■ **Work instruction**: Take the entries that follow and return exactly the lines from the one holding "have /andP[delta0 _]" through the one holding "set S' := cubes_meeting", both included. Nothing else is needed.
*** Extracted information Section Begins ***
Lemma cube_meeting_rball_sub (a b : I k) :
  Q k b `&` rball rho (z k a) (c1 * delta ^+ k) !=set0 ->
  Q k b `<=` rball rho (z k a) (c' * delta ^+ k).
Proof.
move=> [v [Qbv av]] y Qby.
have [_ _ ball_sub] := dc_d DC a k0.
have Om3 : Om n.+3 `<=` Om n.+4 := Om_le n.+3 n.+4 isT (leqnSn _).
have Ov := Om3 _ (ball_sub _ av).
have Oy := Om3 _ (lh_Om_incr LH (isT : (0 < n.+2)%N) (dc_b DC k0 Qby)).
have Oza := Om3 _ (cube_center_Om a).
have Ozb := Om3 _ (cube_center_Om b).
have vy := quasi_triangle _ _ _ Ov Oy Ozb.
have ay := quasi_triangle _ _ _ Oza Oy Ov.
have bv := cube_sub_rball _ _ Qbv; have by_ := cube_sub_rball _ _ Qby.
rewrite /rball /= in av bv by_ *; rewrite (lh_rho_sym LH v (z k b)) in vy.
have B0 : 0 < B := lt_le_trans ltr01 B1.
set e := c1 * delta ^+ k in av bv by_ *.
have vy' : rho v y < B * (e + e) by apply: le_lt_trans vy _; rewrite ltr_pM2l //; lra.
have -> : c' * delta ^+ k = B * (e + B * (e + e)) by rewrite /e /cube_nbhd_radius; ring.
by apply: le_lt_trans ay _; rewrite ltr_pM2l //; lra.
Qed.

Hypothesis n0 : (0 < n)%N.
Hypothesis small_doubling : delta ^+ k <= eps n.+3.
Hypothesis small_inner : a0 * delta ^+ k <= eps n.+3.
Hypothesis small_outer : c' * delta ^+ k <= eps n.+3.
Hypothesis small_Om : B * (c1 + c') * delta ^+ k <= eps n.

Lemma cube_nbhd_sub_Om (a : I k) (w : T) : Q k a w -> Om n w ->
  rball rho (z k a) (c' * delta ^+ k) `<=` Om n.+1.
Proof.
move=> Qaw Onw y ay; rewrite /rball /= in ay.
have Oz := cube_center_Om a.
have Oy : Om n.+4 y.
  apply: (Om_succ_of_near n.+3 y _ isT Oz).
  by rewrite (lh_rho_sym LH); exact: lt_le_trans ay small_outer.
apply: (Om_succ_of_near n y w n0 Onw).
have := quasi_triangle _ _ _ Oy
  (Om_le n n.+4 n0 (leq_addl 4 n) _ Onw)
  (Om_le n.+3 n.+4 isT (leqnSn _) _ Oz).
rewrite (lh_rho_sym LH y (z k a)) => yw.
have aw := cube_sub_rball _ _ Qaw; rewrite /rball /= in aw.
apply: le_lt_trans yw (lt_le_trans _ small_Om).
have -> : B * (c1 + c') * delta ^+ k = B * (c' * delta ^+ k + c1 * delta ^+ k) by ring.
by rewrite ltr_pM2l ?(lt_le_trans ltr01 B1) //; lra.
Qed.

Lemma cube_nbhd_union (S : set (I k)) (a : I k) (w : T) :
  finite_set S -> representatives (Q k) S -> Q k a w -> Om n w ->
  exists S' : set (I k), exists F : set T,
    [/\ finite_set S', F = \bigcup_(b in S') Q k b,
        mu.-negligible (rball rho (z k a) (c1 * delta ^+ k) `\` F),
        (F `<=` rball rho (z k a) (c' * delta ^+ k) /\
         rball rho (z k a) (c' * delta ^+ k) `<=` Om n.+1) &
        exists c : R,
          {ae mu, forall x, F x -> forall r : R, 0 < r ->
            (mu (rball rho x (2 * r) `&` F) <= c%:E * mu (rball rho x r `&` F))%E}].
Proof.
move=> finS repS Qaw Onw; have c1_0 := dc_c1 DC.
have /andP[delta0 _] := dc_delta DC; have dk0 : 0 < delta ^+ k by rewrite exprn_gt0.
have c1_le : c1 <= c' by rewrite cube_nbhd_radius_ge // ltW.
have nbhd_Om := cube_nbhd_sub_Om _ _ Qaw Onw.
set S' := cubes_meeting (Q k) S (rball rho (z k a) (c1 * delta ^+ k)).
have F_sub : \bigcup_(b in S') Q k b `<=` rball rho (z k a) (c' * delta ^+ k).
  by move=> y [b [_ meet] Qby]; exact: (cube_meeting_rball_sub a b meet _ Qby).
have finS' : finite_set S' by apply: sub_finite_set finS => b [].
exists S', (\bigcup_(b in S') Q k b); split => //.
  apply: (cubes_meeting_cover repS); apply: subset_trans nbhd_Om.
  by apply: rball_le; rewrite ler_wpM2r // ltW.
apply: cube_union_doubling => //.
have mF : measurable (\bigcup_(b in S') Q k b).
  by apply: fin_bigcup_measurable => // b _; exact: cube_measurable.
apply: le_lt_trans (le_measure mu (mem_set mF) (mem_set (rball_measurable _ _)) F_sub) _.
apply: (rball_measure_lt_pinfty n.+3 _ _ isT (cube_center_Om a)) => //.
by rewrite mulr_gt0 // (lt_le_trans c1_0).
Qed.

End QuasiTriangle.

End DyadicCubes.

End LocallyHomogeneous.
*** Extracted information Section Ends ***
■ **Result for this task**:
have /andP[delta0 _] := dc_delta DC; have dk0 : 0 < delta ^+ k by rewrite exprn_gt0.
have c1_le : c1 <= c' by rewrite cube_nbhd_radius_ge // ltW.
have nbhd_Om := cube_nbhd_sub_Om _ _ Qaw Onw.
set S' := cubes_meeting (Q k) S (rball rho (z k a) (c1 * delta ^+ k)).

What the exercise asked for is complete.